The NZSO has always had a heavy touring schedule within New Zealand. It performed in Christchurch as early as 1947. It performs its core series of 12 programmes in Wellington and Auckland, about half of those in Hamilton, Christchurch and Dunedin, and visits several provincial cities each year. It has several times toured overseas, notably in 2005 to the BBC Proms, the Snape Maltings, the Concertgebouw in Amsterdam and the World Expo at Aichi in Japan.

Conductors

Franz-Paul Decker was the last NZSO conductor to have the title of chief conductor, and had the title of Conductor Laureate until his death in May 2014. The first conductor to have the title of Music Director of the NZSO was James Judd, from 1999 to 2007. Judd is now the orchestra's Music Director Emeritus.

In May 2007, Pietari Inkinen was named the NZSO's second Music Director, and he formally took up the post in January 2008.  Inkinen concluded his NZSO tenure in 2015 and subsequently took the title of honorary conductor. In June 2015, the NZSO announced the appointment of Edo de Waart as its next music director, with his first concerts in March 2016. De Waart's last concert as Music Director was in November 2019. In 2020 he became NZSO Conductor Laureate. NZSO Associate Conductor Hamish McKeich was appointed NZSO Principal Conductor in Residence from January 2020. Gemma New was appointed the orchestra's artistic director and principal conductor in 2022, the first woman to hold the position.

The orchestra's affiliated conductors to date include:

 Anderson Tyrer (1947–1950)
 Michael Bowles (1950–1953)
 Warwick Braithwaite (1953–1954)
 James Robertson (1954–1957)
 John Hopkins (1957–1963)
 Juan Matteucci (1964–1968)
 Franz-Paul Decker (1991–1996, chief conductor)
 James Judd (1999–2007, music director)
 Pietari Inkinen (2008–2015, music director)
 Edo de Waart (2016–2019, music director)
 Hamish McKeich (2016–2019, associate conductor; 2020–present, principal conductor in residence)
 Gemma New (2022, principal conductor)

Recordings

The NZSO has recorded several LPs and many CDs, several with internationally known soloists such as Alessandra Marc and Donald McIntyre.

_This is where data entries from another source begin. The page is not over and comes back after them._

Lemma matvec_minus m M u v i :
  matvec m M (fun j => u j - v j) i = matvec m M u i - matvec m M v i.
Proof. unfold matvec; rewrite <- rsum_minus; apply rsum_ext; intros; ring. Qed.

Lemma matvec_scal m M c u i : matvec m M (fun j => c * u j) i = c * matvec m M u i.
Proof. unfold matvec; rewrite <- rsum_scal_l; apply rsum_ext; intros; ring. Qed.

Lemma ip_matvec_transp m M x z : ip m (matvec m M x) z = ip m x (matvec m (transp M) z).
Proof.
  unfold ip, matvec, transp.
  rewrite (rsum_ext _ _ (fun i => rsum m (fun j => M i j * x j * z i)))
    by (intros; rewrite Rmult_comm, <- rsum_scal_l; apply rsum_ext; intros; ring).
  rewrite rsum_comm; apply rsum_ext; intros.
  rewrite <- rsum_scal_l; apply rsum_ext; intros; ring.
Qed.

Lemma Qmat_Tmat m A a : Qmat m A a = Tmat m (transp A) a.
Proof. reflexivity. Qed.

Lemma Tmat_sym m A a i j : Tmat m A a i j = Tmat m A a j i.
Proof.
  unfold Tmat, idm; rewrite Nat.eqb_sym; f_equal.
  apply rsum_ext; intros; ring.
Qed.

Lemma matvec_Tmat m A a x i : (i < m)%nat ->
  matvec m (Tmat m A a) x i = matvec m (transp A) (matvec m A x) i + a * x i.
Proof.
  intros Hi; unfold matvec at 1; unfold Tmat.
  rewrite (rsum_ext _ _ (fun j => rsum m (fun k => A k i * A k j * x j) + a * (idm i j * x j)))
    by (intros; rewrite Rmult_plus_distr_r, (Rmult_comm _ (x _)), <- rsum_scal_l;
        f_equal; [apply rsum_ext; intros|]; ring).
  rewrite rsum_plus, rsum_scal_l, rsum_idm by exact Hi; f_equal.
  unfold matvec, transp; rewrite rsum_comm; apply rsum_ext; intros.
  rewrite <- rsum_scal_l; apply rsum_ext; intros; ring.
Qed.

In the last decade it has sold 500,000 CDs. It records at least one CD of New Zealand music each year. It has made a number of recordings on the American Koch label and now (2007) records regularly with Naxos.  The latest recordings are two CDs of music by Jean Sibelius and one CD of music by Einojuhani Rautavaara.

In 2012, the NZSO collaborated with Booktrack and Salman Rushdie to create music for an enhanced edition of Rusdhie's short story  In the South .  The NZSO recorded part of Howard Shore's score for The Lord of the Rings: The Fellowship of the Ring, notably the "Mines of Moria" sequence, as well as an alternate version of the cue "The Breaking of the Fellowship".  The NZSO also performed and recorded Howard Shore's score for The Hobbit: The Desolation of Smaug and The Hobbit: The Battle of the Five Armies.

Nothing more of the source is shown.